1

I am reading Inside the C++ Object Model. In section 1.3

So, then, why is it that, given

Bear b; 
ZooAnimal za = b; 

// ZooAnimal::rotate() invoked 
za.rotate(); 

the instance of rotate() invoked is the ZooAnimal instance and not that of Bear? Moreover, if memberwise initialization copies the values of one object to another, why is za's vptr not addressing Bear's virtual table?

The answer to the second question is that the compiler intercedes in the initialization and assignment of one class object with another. The compiler must ensure that if an object contains one or more vptrs, those vptr values are not initialized or changed by the source object .

So I wrote the test code below:

#include <stdio.h>
class Base{
public:
    virtual void vfunc() { puts("Base::vfunc()"); }
};
class Derived: public Base
{
public:
    virtual void vfunc() { puts("Derived::vfunc()"); }
};
#include <string.h>

int main()
{
    Derived d;
    Base b_assign = d;
    Base b_memcpy;
    memcpy(&b_memcpy, &d, sizeof(Base));

    b_assign.vfunc();
    b_memcpy.vfunc();

    printf("sizeof Base : %d\n", sizeof(Base));

    Base &b_ref = d;
    b_ref.vfunc();

    printf("b_assign: %x; b_memcpy: %x; b_ref: %x\n", 
        *(int *)&b_assign,
        *(int *)&b_memcpy,
        *(int *)&b_ref);
    return 0;
}

The result

Base::vfunc()
Base::vfunc()
sizeof Base : 4
Derived::vfunc()
b_assign: 80487b4; b_memcpy: 8048780; b_ref: 8048780

My question is why b_memcpy still called Base::vfunc()

curiousguy
  • 8,038
  • 2
  • 40
  • 58
Divlaker
  • 401
  • 6
  • 16
  • Possible duplicate of [Why would the behavior of std::memcpy be undefined for objects that are not TriviallyCopyable?](http://stackoverflow.com/questions/29777492/why-would-the-behavior-of-stdmemcpy-be-undefined-for-objects-that-are-not-triv) – Ken Y-N Dec 12 '16 at 04:28
  • I suppose answer is disassembler, and hint is `&b_memcpy == &b_ref` – fghj Dec 12 '16 at 04:32
  • 2
    The behavior is undefined. Any outcome you see can easily be different with a different compiler, different compiler options, optimizations, etc. – PaulMcKenzie Dec 12 '16 at 04:48
  • I changed my test code to [this](http://ideone.com/nGnvdY) and the result is same as I expected. – Divlaker Dec 12 '16 at 05:07
  • @PaulMcKenzie The vptr doesn't even official exist, so any manipulation of a vptr is going to be unspecified or UB. Still, some manipulations should work, as long as we can plausibly claim the rules weren't broken. – curiousguy Jan 28 '17 at 00:20

4 Answers4

3

What you are doing is illegal in C++ language, meaning that the behavior of your b_memcpy object is undefined. The latter means that any behavior is "correct" and your expectations are completely unfounded. There's not much point in trying to analyze undefined behavior - it is not supposed to follow any logic.

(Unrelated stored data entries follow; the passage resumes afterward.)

(* The same bound holds across a whole wave fan, since its speeds increase. *)
Lemma fan_flux_gain lam a b vi vf :
  sfan f c a b vi vf -> a < b -> lam <= vi -> lam * (b - a) <= f b c - f a c.
Proof.
  induction 1 as [k a b Hw | k a m b vi' vf Hw Hm Hfan IH Hle]; intros Hab Hlam.
  - exact (elem_flux_gain lam k a b Hw Hab Hlam).
  - revert Hm; unfold strictly_between, Rmin, Rmax;
      destruct (Rle_dec a b); [intro Hm|lra].
    assert (Hfirst := elem_flux_gain lam k a m Hw ltac:(lra) Hlam).
    assert (Hrest := elem_vi_le_vf k a m Hw).
    assert (Hlast := IH ltac:(lra) ltac:(lra)). lra.
Qed.

Lemma fan_first_wave a b vi vf : sfan f c a b vi vf ->
  exists k m, elem_wave f c k a m /\ vi = elem_vi f c k a m /\
    (a < m <= b \/ b <= m < a).
Proof.
  destruct 1 as [k a b Hw | k a m b vi' vf Hw Hm _ _];
    exists k; [exists b | exists m]; (split; [exact Hw | split; [reflexivity|]]).
  - destruct k; destruct Hw as [Hab _];
      destruct (Rlt_le_dec a b); [left|right|left|right]; lra.
  - revert Hm. unfold strictly_between, Rmin, Rmax.
    destruct (Rle_dec a b); [left|right]; lra.
Qed.

Section Transition.

Hypothesis Hcont : forall s, continuity_pt (fun x => ls x) s.
Hypothesis Hf0 : f 0 c = 0.
Hypothesis Hpos : forall s, 0 < s <= 1 -> 0 < f s c.
Hypothesis Hslope0 : ls 0 = 0.
Hypothesis Hslope1 : ls 1 = 0.
Variable Ss : R.
Hypothesis HSs : 0 < Ss < 1.
Hypothesis HT : ls Ss = lc Ss.
Hypothesis Huniq : forall s, 0 < s < 1 -> ls s = lc s -> s = Ss.
(* Let $q\geq 2$ be an integer and $\mathbf{r}=(r_1,\ldots,r_{q-1})\in\mathbb{N}_0^{q-1}$ with $r_1=\max\mathbf{r}$. Then $\mathscr{W}^{(q)}_{\mathbf{r}}\neq\emptyset$ if and only if both (i) $q\nmid\|\mathbf{r}\|$ and (ii) $\max\mathbf{r}\leq|\mathbf{r}|_q$.
   Context: A composition of $n\in\mathbb{N}_0$ is a finite sequence $\delta=(\delta_1,\ldots,\delta_s)$ of positive integers with $\sum_i\delta_i=n$; write $\ell(\delta)=s$; the unique composition of $0$ is the empty composition. Partial sums: $\delta^+_j=\sum_{i=1}^j\delta_i$. For a positive integer $q$, a composition $\delta$ is called $q'$-cumulative if it is nonempty and $q\nmid\delta^+_j$ for all $1\leq j\leq\ell(\delta)$. For $\mathbf{r}=(r_1,\ldots,r_{q-1})\in\mathbb{N}_0^{q-1}$, let $\mu$ be the partition with exactly $r_i$ parts equal to $i$ for each $1\le i\le q-1$ and no other parts, and let $\mathscr{W}^{(q)}_{\mathbf{r}}$ be the set of $q'$-cumulative compositions that are rearrangements of $\mu$. Define $\|\mathbf{r}\|=\sum_{i=1}^{q-1}ir_i$, $|\mathbf{r}|_q=(q-1)+\sum_{i=2}^{q-1}(q-i)r_i$, and $\max\mathbf{r}=\max\{r_1,\ldots,r_{q-1}\}$. *)

From mathcomp Require Import all_boot.
Set Implicit Arguments. Unset Strict Implicit. Unset Printing Implicit Defensive.

(* A vector r = (r_1,...,r_{q-1}) in N_0^{q-1} is represented as a sequence
   [:: r_1; ...; r_{q-1}] of size q-1; r_i = nth 0 r i.-1 for 1 <= i <= q-1. *)
Definition rcomp (r : seq nat) (i : nat) : nat := nth 0 r i.-1.

Definition is_composition (d : seq nat) : bool := all (fun x => 0 < x) d.

Definition psum (d : seq nat) (j : nat) : nat := sumn (take j d).

Definition q_cumulative (q : nat) (d : seq nat) : bool :=
  [&& is_composition d, d != [::] &
      all (fun j => ~~ (q %| psum d j)) (iota 1 (size d))].

Definition mu_of (q : nat) (r : seq nat) : seq nat :=
  flatten [seq nseq (rcomp r i) i | i <- iota 1 q.-1].

Definition inW (q : nat) (r : seq nat) (d : seq nat) : Prop :=
  q_cumulative q d /\ perm_eq d (mu_of q r).

Definition W_nonempty (q : nat) (r : seq nat) : Prop := exists d, inW q r d.

Definition rnorm (q : nat) (r : seq nat) : nat := \sum_(1 <= i < q) i * rcomp r i.

Definition rabsq (q : nat) (r : seq nat) : nat :=
  (q - 1) + \sum_(2 <= i < q) (q - i) * rcomp r i.

Definition rmax (q : nat) (r : seq nat) : nat := \max_(1 <= i < q) rcomp r i.

From mathcomp Require Import all_boot zify.
Set Implicit Arguments. Unset Strict Implicit.

(* For a running total x, let gap x in
   [1, q] be the distance from x to the next multiple of q: appending a part e
   keeps the partial sums off the multiples of q iff e <> gap x.  Give a part i
   the weight q - i when i >= 2 and weight 0 when i = 1; the total weight of
   the multiset mu_of q r is exactly |r|_q - (q - 1).
   - Necessity is a potential argument: along an admissible ordering,
     (number of 1s used) + gap (current total) never exceeds
     gap (starting total) + (weight used); starting from 0 this yields
     r_1 <= |r|_q, and the full sum ||r|| must avoid the multiples of q.
   - Sufficiency is a greedy construction.  An invariant [feasible x m] on the
     running total x and the multiset m of unused parts is preserved by some
     admissible choice of the next part (a part above the gap, a part 1, or a
     part as frequent as 1), so the whole multiset can be laid out. *)

Section Cumulative.
Variable q : nat.
Hypothesis hq : 1 < q.

Definition ispart (j : nat) : bool := 0 < j < q.

Lemma ltn_modq x : x %% q < q.
Proof. by apply: ltn_pmod; lia. Qed.

Lemma modnD_lt x e : e < q ->
  (x + e) %% q = if x %% q + e < q then x %% q + e else x %% q + e - q.
Proof.
move=> he; rewrite -modnDml; case: ifP => h; first by rewrite modn_small.
have hs := ltn_modq x.
rewrite -{1}[x %% q + e](@subnK q); last by lia.
by rewrite modnDr modn_small; lia.
Qed.

Definition gap (x : nat) : nat := q - x %% q.

Lemma gap_gt0 x : 0 < gap x.
Proof. by have := ltn_modq x; rewrite /gap; lia. Qed.

Lemma gap_leq x : gap x <= q.
Proof. by rewrite /gap leq_subr. Qed.

Lemma gap0 : gap 0 = q.
Proof. by rewrite /gap mod0n subn0. Qed.

Lemma dvdn_add_gap x e : 0 < e < q -> (q %| x + e) = (e == gap x).
Proof.
case/andP=> e0 eq; have hs := ltn_modq x.
by rewrite /dvdn modnD_lt // /gap; case: ifP => h; apply/eqP/eqP; lia.
Qed.

Lemma gap_add_lt x e : e < gap x -> gap (x + e) = gap x - e.
Proof.
move=> he; have hs := ltn_modq x; have eq : e < q by have := gap_leq x; lia.
by move: he; rewrite /gap modnD_lt //; case: ifP; lia.
Qed.

Lemma gap_add_gt x e : gap x < e < q -> gap (x + e) = gap x + q - e.
Proof.
case/andP=> he eq; have hs := ltn_modq x.
by move: he; rewrite /gap modnD_lt //; case: ifP; lia.
Qed.

Lemma dvdn_add_mul_gap x c : (c == 1) || (gap x == q) -> q %| x + c * gap x.
Proof.
case/orP=> [/eqP-> | /eqP hg].
  apply/dvdnP; exists (x %/ q).+1; rewrite {1}(divn_eq x q) /gap.
  by have := ltn_modq x; move: (x %/ q) (x %% q) => k s; nia.
have hx : q %| x by rewrite /dvdn; apply/eqP; move: hg; rewrite /gap; have := ltn_modq x; lia.
by rewrite hg dvdn_addl ?dvdn_mull.
Qed.

Definition weight (i : nat) : nat := if 1 < i then q - i else 0.
Definition wsum (s : seq nat) : nat := sumn (map weight s).

Lemma gap_weight x e : 0 < e < q -> e != gap x ->
  (e == 1) + gap (x + e) <= gap x + weight e.
Proof.
move=> /andP[e0 eq] /eqP hne; have hg := gap_gt0 x; rewrite /weight.
case: (ltngtP e (gap x)) => [lt|gt|//].
  by rewrite gap_add_lt //; case: ifP; case: (e =P 1); lia.
by rewrite gap_add_gt ?gt // ifT; case: (e =P 1); lia.
Qed.

Fixpoint avoids (x : nat) (l : seq nat) : bool :=
  if l is e :: l' then ~~ (q %| x + e) && avoids (x + e) l' else true.

Lemma avoidsE x l :
  avoids x l = all (fun j => ~~ (q %| x + psum l j)) (iota 1 (size l)).
Proof.
elim: l x => [|e l IH] x //=.
rewrite /psum /= take0 addn0 IH (iotaDl 1 1) all_map; congr (_ && _).
by apply: eq_all => j /=; rewrite /psum /= addnA.
Qed.

Lemma potential x l : all ispart l -> avoids x l ->
  count_mem 1 l + gap (x + sumn l) <= gap x + wsum l.
Proof.
elim: l x => [|e l IH] x /=; first by rewrite !addn0.
move=> /andP[he hl] /andP[hd hv]; rewrite dvdn_add_gap // in hd.
have := IH (x + e) hl hv; have := gap_weight he hd; rewrite /wsum /= addnA; lia.
Qed.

In practice, it is quite possible that your manipulations with memcpy did actually copy Derived's virtual table pointer to b_memcpy object. And your experiments with b_ref confirm that. However, when a virtual method is called though an immediate object (as is the case with b_memcpy.vfunc() call) most implementations optimize away the access to the virtual table and perform a direct (non-virtual) call to the target function. Formal rules of the language state that no legal action can ever make b_memcpy.vfunc() call to dispatch to anything other than Base::vfunc(), which is why the compiler can safely replace this call with a direct call to Base::vfunc(). This is why any virtual table manipulations will normally have no effect on b_memcpy.vfunc() call.

AnT stands with Russia
  • 312,472
  • 42
  • 525
  • 765
2

The behavior you've invoked is undefined because the standard says it's undefined, and your compiler takes advantage of that fact. Lets look at g++ for a concrete example. The assembly it generates for the line b_memcpy.vfunc(); with optimizations disabled looks like this:

lea     rax, [rbp-48]
mov     rdi, rax
call    Base::vfunc()

As you can see, the vtable wasn't even referenced. Since the compiler knows the static type of b_memcpy it has no reason to dispatch that method call polymorphically. b_memcpy can't be anything other than a Base object, so it just generates a call to Base::vfunc() as it would with any other method call.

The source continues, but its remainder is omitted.